The 9th Infantry Division ("The Lightning Division") is a formation of the Bangladesh Army, based in Savar. It is the first infantry division of the Bangladesh Army that was raised post-Independence.

The division is considered the most strategic and important formation of the Bangladesh Army, as it is entrusted with the security of Dhaka, the capital of Bangladesh.

History 

9th Infantry Division was raised on 20 November 1976  in Dhaka Cantonment as the first division of the Bangladesh Army. The division started under the command of Major General Mir Shawkat Ali, headquartered at Sher-e-Bangla Nagor in Dhaka. At first, the division had 77th Infantry Brigade, 81st Infantry Brigade and 29th East Bengal Regiment under its command. During this time the 77th Infantry Brigade was made up of 9th East Bengal Regiment, 13th East Bengal Regiment and 28th East Bengal Regiment; and the 81st Infantry Brigade contained 8th East Bengal Regiment, 11th East Bengal Regiment and 27th East Bengal Regiment. The division completed its organisational structure with the induction of 9th Artillery Brigade on 22 March 1976.

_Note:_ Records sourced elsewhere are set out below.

(* Let $\{A,S_0,\Pi_0\}$ be an admissible triple with $\pm\mathrm{i}\notin\sigma(A)$, and write $\Pi_0=\begin{bmatrix}\vartheta_1&\vartheta_2\end{bmatrix}$. Then for all $k\ge0$ $$\Pi_k=\begin{bmatrix}(I_n+\mathrm{i} A^{-1})^k\vartheta_1 & (I_n-\mathrm{i} A^{-1})^k\vartheta_2\end{bmatrix},$$ and with $R_k:=(I_n+\mathrm{i} A^{-1})^{-k}S_k\big(I_n-\mathrm{i}(A^* )^{-1}\big)^{-k}$ and $Q_k:=(I_n-\mathrm{i} A^{-1})^{-k}S_k\big(I_n+\mathrm{i}(A^* )^{-1}\big)^{-k}$ one has $$R_{k+1}-R_k=2(I_n+\mathrm{i} A^{-1})^{-k-1}A^{-1}(I_n-\mathrm{i} A^{-1})^k\vartheta_2\vartheta_2^*\big((I_n-\mathrm{i} A^{-1})^k\big)^*(A^{-1})^*\big((I_n+\mathrm{i} A^{-1})^{-k-1}\big)^*\ge0,$$ and $Q_{k+1}-Q_k\ge0$. Consequently the limits $\varkappa_R:=\lim_{k\to\infty}R_k^{-1}\ge0$ and $\varkappa_Q:=\lim_{k\to\infty}Q_k^{-1}\ge0$ exist.
   Context: Fix positive integers $m_1,m_2$, $m=m_1+m_2$, $j=\mathrm{diag}(I_{m_1},-I_{m_2})$, $n\in\mathbb{N}$. An admissible triple (self-adjoint case) consists of an $n\times n$ matrix $A$ with $\det A\ne0$, an $n\times n$ matrix $S_0>0$, and an $n\times m$ matrix $\Pi_0$ with $AS_0-S_0A^*=\mathrm{i}\,\Pi_0j\Pi_0^*$; $\vartheta_1,\vartheta_2$ are the $n\times m_1$ and $n\times m_2$ blocks of $\Pi_0$. The sequences are defined for $k\ge0$ by $\Pi_{k+1}=\Pi_k+\mathrm{i} A^{-1}\Pi_k j$ and $S_{k+1}=S_k+A^{-1}S_k(A^* )^{-1}+A^{-1}\Pi_k\Pi_k^*(A^* )^{-1}$ (so $S_k>0$ and $AS_k-S_kA^*=\mathrm{i}\Pi_kj\Pi_k^*$ for all $k$). $\sigma(A)$ is the spectrum of $A$. *)

From HB Require Import structures.
From mathcomp Require Import all_boot all_order all_algebra.
Set Implicit Arguments. Unset Strict Implicit. Unset Printing Implicit Defensive.
Import Order.TTheory GRing.Theory Num.Theory.
Local Open Scope ring_scope.

Section Defs.
Variable C : numClosedFieldType.

Definition ctrmx (p q : nat) (M : 'M[C]_(p, q)) : 'M[C]_(q, p) := (map_mx Num.conj M)^T.

Definition psdmx (n : nat) (M : 'M[C]_n) : Prop :=
  ctrmx M = M /\ forall v : 'cV[C]_n, 0 <= (ctrmx v *m M *m v) 0 0.

Definition pdmx (n : nat) (M : 'M[C]_n) : Prop :=
  ctrmx M = M /\ forall v : 'cV[C]_n, v != 0 -> 0 < (ctrmx v *m M *m v) 0 0.

Definition jmx (m1 m2 : nat) : 'M[C]_(m1 + m2) := block_mx 1%:M 0 0 (- 1%:M).

Definition admissible (n m1 m2 : nat) (A S0 : 'M[C]_n) (Pi0 : 'M[C]_(n, m1 + m2)) : Prop :=
  \det A != 0 /\ pdmx S0 /\
  A *m S0 - S0 *m ctrmx A = 'i *: (Pi0 *m jmx m1 m2 *m ctrmx Pi0).

Fixpoint Piseq (n m1 m2 : nat) (A : 'M[C]_n) (Pi0 : 'M[C]_(n, m1 + m2)) (k : nat)
  : 'M[C]_(n, m1 + m2) :=
  if k is k'.+1 then
    Piseq A Pi0 k' + 'i *: (invmx A *m Piseq A Pi0 k' *m jmx m1 m2)
  else Pi0.

Fixpoint Sseq (n m1 m2 : nat) (A S0 : 'M[C]_n) (Pi0 : 'M[C]_(n, m1 + m2)) (k : nat)
  : 'M[C]_n :=
  if k is k'.+1 then
    Sseq A S0 Pi0 k' + invmx A *m Sseq A S0 Pi0 k' *m invmx (ctrmx A)
    + invmx A *m Piseq A Pi0 k' *m ctrmx (Piseq A Pi0 k') *m invmx (ctrmx A)
  else S0.

Definition mx_cvg (p q : nat) (u : nat -> 'M[C]_(p, q)) (L : 'M[C]_(p, q)) : Prop :=
  forall eps : C, 0 < eps -> exists N : nat, forall k : nat, (N <= k)%N ->
    forall i j, `|u k i j - L i j| < eps.

(* least-upper-bound property of the real numbers of C; together with
   algebraic closedness this pins C down to the complex numbers *)
Definition real_complete : Prop :=
  forall E : C -> Prop, (forall x, E x -> x \is Num.real) -> (exists x, E x) ->
  (exists M, M \is Num.real /\ forall x, E x -> x <= M) ->
  exists s, s \is Num.real /\ (forall x, E x -> x <= s) /\
    (forall M, M \is Num.real -> (forall x, E x -> x <= M) -> s <= M).

End Defs.

(* Write B = A^-1 and B' = (A^* )^-1.  Since j = diag(I, -I), the recursion for
   Pi_k acts on its two blocks X_k, Y_k separately, by I + iB and I - iB.
   Multiplying A S_k - S_k A^* = i Pi_k j Pi_k^* by B on the left and by B' on
   the right gives S_k B' - B S_k = i B (X_k X_k^* - Y_k Y_k^* ) B'; this form
   propagates along the recursion, and inserting it into (I + iB) S_k (I - iB')
   yields S_(k+1) = (I + iB) S_k (I + iB)^* + 2 B Y_k Y_k^* B', and symmetrically
   with I - iB and X_k.  So R_k and Q_k increase by Gram matrices from S_0 > 0;
   their inverses decrease in the Loewner order while staying >= 0, their
   quadratic forms converge by completeness of the reals, and polarization
   gives the convergence of the entries. *)

From HB Require Import structures.
From mathcomp Require Import all_boot all_order all_algebra.
From mathcomp Require Import ring.
From Stdlib Require Import Classical ClassicalEpsilon.
Import Order.TTheory GRing.Theory Num.Theory.
Local Open Scope ring_scope.
Set Implicit Arguments. Unset Strict Implicit. Unset Printing Implicit Defensive.

Section ConjugateTranspose.
Variable C : numClosedFieldType.

Lemma ctrmxE p q (M : 'M[C]_(p, q)) i j : ctrmx M i j = (M j i)^*.
Proof. by rewrite /ctrmx !mxE. Qed.

Lemma ctrmxK p q (M : 'M[C]_(p, q)) : ctrmx (ctrmx M) = M.
Proof. by apply/matrixP=> i j; rewrite !ctrmxE conjCK. Qed.

Lemma ctrmx_mul p q r (M : 'M[C]_(p, q)) (N : 'M[C]_(q, r)) :
  ctrmx (M *m N) = ctrmx N *m ctrmx M.
Proof. by rewrite /ctrmx map_mxM trmx_mul. Qed.

Lemma ctrmxD p q (M N : 'M[C]_(p, q)) : ctrmx (M + N) = ctrmx M + ctrmx N.
Proof. by apply/matrixP=> i j; rewrite !ctrmxE !mxE rmorphD. Qed.

Lemma ctrmxB p q (M N : 'M[C]_(p, q)) : ctrmx (M - N) = ctrmx M - ctrmx N.
Proof. by apply/matrixP=> i j; rewrite !ctrmxE !mxE rmorphB. Qed.

Lemma ctrmxZ p q a (M : 'M[C]_(p, q)) : ctrmx (a *: M) = a^* *: ctrmx M.
Proof. by apply/matrixP=> i j; rewrite !ctrmxE !mxE rmorphM. Qed.

Lemma ctrmx1 p : ctrmx (1%:M : 'M[C]_p) = 1%:M.
Proof. by apply/matrixP=> i j; rewrite ctrmxE !mxE eq_sym rmorphMn /= conjC1. Qed.

Lemma ctrmx0 p q : ctrmx (0 : 'M[C]_(p, q)) = 0.
Proof. by apply/matrixP=> i j; rewrite ctrmxE !mxE conjC0. Qed.

Lemma ctrmx_row p q1 q2 (X : 'M[C]_(p, q1)) (Y : 'M[C]_(p, q2)) :
  ctrmx (row_mx X Y) = col_mx (ctrmx X) (ctrmx Y).
Proof. by rewrite /ctrmx map_row_mx tr_row_mx. Qed.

On 31 May 1984, the divisional headquarters was permanently moved to Savar Cantonment. On 1 September 1984, 309th infantry brigade was raised under this division and 71st infantry brigade was added on 30 June 1992. At that time, Savar Cantonment, Ghatail Cantonment and Momenshahi Cantonment were under 9th Infantry division but on 1 July 1992, the Ghatail and Momenshahi cantonments, along with 309 Infantry brigade and 77 Infantry brigade, were transferred to the then newly formed 19th Infantry Division.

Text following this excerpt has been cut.